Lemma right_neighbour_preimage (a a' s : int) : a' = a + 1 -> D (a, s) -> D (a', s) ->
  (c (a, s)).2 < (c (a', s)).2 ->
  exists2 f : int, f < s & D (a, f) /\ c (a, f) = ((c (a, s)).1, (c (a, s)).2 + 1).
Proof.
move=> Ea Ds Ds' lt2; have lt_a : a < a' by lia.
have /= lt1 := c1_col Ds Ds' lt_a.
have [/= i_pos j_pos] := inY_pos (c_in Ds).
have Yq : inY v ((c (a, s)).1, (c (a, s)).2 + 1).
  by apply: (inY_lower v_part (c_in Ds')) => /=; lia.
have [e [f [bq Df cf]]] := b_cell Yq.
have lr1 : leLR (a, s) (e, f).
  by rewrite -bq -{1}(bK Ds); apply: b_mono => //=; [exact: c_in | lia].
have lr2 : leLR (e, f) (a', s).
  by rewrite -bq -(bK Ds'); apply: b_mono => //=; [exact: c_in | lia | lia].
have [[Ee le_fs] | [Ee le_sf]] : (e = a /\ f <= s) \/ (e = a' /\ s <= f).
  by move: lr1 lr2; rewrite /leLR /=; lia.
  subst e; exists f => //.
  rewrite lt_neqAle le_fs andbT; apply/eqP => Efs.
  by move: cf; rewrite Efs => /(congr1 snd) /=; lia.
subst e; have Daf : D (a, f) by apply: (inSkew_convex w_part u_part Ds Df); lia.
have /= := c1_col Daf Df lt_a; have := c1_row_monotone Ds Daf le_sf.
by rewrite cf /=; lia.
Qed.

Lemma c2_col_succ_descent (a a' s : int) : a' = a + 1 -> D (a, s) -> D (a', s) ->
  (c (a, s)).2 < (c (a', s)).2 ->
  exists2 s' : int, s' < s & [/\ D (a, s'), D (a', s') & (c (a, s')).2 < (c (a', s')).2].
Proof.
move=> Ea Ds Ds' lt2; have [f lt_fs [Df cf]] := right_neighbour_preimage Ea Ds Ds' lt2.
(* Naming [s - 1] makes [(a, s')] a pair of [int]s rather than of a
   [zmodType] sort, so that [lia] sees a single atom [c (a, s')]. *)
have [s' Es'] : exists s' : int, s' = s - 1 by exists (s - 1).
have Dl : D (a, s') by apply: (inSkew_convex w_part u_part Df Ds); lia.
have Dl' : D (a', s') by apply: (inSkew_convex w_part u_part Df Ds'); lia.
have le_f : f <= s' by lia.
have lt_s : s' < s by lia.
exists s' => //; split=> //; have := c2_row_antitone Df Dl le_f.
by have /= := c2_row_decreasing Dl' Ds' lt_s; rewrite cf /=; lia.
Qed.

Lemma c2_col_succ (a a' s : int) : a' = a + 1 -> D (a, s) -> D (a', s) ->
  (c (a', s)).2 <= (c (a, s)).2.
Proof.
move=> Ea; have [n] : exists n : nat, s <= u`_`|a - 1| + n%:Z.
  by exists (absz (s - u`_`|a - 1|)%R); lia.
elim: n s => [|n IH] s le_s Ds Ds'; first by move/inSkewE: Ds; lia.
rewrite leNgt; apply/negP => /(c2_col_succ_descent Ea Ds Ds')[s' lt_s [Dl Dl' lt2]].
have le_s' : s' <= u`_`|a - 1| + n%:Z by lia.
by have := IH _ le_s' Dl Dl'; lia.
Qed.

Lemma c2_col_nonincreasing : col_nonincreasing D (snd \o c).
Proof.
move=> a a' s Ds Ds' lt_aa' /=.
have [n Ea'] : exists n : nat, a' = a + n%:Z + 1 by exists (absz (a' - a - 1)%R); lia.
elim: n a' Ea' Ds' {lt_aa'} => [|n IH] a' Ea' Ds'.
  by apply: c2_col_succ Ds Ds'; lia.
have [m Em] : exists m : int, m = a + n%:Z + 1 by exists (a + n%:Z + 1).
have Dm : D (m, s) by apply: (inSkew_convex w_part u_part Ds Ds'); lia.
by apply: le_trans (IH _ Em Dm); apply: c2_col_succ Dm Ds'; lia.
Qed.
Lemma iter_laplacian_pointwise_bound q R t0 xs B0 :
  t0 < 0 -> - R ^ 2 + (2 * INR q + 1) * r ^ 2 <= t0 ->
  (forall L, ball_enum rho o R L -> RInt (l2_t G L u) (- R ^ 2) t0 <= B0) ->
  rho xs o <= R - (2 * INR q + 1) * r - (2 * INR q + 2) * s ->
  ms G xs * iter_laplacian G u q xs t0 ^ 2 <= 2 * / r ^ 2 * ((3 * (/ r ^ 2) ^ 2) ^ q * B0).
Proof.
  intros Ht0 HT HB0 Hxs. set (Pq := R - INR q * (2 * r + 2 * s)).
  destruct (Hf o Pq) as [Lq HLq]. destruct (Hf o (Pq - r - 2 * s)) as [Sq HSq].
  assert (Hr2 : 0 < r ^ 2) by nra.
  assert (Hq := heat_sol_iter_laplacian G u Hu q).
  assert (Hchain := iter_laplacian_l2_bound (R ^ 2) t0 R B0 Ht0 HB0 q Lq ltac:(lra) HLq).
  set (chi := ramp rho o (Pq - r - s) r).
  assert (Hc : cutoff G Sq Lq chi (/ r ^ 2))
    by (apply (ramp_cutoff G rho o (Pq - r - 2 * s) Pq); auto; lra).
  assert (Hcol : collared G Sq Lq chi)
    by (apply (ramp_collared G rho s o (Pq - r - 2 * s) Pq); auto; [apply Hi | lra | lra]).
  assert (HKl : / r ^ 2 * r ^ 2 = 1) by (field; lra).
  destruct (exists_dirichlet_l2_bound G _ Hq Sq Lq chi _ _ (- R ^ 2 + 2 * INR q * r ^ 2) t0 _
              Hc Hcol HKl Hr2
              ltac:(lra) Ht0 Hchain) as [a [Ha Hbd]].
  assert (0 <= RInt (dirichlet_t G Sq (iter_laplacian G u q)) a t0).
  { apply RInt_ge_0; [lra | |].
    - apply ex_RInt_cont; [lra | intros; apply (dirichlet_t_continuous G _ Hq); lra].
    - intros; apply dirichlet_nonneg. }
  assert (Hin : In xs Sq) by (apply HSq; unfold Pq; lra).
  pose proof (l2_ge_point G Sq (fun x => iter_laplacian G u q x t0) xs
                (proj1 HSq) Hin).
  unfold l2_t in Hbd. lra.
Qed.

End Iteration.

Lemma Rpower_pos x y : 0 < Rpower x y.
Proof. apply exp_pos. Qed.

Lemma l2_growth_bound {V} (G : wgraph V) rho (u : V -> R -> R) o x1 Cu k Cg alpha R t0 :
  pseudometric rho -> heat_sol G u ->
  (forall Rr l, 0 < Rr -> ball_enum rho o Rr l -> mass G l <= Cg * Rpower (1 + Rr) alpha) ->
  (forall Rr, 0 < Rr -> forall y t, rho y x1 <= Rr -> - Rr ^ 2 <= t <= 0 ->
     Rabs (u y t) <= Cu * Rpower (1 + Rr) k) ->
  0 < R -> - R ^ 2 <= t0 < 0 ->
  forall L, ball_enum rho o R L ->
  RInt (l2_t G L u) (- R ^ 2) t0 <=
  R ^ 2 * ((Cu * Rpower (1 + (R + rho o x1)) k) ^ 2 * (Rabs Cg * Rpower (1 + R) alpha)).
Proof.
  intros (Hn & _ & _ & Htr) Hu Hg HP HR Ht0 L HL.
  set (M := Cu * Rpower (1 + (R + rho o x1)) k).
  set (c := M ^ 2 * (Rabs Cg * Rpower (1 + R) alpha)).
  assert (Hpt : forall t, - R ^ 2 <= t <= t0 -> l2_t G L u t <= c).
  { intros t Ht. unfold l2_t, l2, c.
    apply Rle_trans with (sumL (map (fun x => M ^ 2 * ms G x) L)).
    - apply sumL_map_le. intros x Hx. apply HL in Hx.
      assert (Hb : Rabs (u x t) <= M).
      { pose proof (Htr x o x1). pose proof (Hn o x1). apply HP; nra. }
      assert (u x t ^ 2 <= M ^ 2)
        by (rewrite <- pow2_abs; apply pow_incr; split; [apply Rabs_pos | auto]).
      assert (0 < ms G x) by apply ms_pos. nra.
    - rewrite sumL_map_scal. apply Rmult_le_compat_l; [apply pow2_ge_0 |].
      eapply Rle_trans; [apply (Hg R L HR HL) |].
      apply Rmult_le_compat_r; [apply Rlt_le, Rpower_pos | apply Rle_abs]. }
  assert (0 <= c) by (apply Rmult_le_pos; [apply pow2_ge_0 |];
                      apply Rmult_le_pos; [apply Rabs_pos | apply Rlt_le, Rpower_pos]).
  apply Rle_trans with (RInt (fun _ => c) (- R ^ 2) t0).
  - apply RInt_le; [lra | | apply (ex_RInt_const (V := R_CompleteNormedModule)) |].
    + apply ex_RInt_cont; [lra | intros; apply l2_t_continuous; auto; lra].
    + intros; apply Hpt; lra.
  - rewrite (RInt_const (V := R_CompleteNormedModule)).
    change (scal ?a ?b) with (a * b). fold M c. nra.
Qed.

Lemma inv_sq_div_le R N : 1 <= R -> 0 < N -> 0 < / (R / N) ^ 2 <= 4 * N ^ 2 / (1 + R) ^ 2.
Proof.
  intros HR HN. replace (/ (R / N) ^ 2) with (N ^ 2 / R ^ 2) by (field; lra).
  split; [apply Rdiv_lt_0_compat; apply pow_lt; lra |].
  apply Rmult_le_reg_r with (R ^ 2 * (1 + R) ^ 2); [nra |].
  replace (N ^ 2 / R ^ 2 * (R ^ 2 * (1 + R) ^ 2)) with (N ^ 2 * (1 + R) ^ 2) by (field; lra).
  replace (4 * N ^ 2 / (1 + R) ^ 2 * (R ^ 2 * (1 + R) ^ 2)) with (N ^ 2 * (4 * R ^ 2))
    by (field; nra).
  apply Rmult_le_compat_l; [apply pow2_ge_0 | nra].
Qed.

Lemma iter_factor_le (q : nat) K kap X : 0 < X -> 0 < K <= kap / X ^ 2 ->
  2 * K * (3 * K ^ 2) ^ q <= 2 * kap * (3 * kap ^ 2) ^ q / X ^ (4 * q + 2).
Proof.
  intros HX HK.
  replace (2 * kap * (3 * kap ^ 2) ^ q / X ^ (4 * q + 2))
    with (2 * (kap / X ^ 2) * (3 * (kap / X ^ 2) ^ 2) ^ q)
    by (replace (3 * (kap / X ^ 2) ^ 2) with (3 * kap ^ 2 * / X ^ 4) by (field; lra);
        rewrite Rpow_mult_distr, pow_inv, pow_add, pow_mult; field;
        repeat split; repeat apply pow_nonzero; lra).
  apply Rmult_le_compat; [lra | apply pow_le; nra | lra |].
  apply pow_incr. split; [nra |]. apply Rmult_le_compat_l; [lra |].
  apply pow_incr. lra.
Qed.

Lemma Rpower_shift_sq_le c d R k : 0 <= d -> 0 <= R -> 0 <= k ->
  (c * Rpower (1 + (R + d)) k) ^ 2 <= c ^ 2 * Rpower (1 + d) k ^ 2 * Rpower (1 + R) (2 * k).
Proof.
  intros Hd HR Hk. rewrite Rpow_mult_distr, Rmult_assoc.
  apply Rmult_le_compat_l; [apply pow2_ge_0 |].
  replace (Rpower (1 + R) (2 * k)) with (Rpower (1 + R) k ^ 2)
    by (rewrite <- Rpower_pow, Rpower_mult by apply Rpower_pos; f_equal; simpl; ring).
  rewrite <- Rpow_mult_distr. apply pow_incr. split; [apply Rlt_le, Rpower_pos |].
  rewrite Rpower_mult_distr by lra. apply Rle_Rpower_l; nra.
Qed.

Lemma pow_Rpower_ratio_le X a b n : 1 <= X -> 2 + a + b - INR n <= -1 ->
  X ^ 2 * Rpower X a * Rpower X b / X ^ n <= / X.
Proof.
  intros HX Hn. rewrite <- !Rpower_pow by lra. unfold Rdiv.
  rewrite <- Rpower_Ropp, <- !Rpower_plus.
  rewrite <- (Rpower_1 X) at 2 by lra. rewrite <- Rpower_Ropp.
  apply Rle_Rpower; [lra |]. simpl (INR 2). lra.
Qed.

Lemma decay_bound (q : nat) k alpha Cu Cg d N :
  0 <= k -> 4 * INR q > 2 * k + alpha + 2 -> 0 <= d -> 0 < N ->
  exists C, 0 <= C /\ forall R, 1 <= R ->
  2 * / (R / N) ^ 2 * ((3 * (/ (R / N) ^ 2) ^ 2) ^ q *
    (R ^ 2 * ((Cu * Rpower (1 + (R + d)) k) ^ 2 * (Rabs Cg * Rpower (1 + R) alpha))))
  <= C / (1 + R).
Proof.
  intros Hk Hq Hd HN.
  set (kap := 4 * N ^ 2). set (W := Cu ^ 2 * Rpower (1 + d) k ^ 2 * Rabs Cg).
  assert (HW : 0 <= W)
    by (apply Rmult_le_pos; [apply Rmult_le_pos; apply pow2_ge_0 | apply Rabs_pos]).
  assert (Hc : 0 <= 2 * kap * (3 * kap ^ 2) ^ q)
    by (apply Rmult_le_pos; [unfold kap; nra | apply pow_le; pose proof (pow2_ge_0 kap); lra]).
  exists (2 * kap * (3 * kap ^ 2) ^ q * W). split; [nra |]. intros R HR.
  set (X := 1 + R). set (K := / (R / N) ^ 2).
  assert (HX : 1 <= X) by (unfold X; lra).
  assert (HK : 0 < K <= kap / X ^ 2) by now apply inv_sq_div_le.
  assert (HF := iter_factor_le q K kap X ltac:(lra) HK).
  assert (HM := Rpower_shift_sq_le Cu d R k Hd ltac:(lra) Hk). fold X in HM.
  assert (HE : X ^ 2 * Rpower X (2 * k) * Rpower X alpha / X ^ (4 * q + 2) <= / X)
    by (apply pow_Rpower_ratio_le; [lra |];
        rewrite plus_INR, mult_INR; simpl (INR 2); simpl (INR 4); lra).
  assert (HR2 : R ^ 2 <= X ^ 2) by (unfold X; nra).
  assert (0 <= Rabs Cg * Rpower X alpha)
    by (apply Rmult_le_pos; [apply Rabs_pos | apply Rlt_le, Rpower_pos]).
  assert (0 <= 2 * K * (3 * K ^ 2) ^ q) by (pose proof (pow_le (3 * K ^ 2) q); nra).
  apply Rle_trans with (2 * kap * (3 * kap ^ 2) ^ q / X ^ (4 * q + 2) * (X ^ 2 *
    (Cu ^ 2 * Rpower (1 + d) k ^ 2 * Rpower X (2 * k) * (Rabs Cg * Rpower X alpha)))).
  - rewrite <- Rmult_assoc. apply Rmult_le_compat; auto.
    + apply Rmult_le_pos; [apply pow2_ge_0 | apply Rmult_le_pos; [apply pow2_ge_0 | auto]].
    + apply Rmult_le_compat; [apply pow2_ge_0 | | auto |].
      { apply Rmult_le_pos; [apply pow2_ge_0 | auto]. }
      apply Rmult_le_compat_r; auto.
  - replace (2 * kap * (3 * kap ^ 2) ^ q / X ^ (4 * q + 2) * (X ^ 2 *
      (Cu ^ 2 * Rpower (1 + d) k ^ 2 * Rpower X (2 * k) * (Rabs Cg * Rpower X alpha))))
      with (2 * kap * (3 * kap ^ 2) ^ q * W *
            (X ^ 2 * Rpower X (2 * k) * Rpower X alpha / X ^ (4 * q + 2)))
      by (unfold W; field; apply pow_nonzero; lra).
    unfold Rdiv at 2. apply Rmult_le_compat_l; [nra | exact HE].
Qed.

> YOUR INSTRUCTIONS: Beginning at the top of the data, please return every line until and including the line containing "have [/= i_pos j_pos] := inY_pos (c_in Ds).", copied exactly, and nothing past it.

> FINISHED EXERCISE:
Lemma right_neighbour_preimage (a a' s : int) : a' = a + 1 -> D (a, s) -> D (a', s) ->
  (c (a, s)).2 < (c (a', s)).2 ->
  exists2 f : int, f < s & D (a, f) /\ c (a, f) = ((c (a, s)).1, (c (a, s)).2 + 1).
Proof.
move=> Ea Ds Ds' lt2; have lt_a : a < a' by lia.
have /= lt1 := c1_col Ds Ds' lt_a.
have [/= i_pos j_pos] := inY_pos (c_in Ds).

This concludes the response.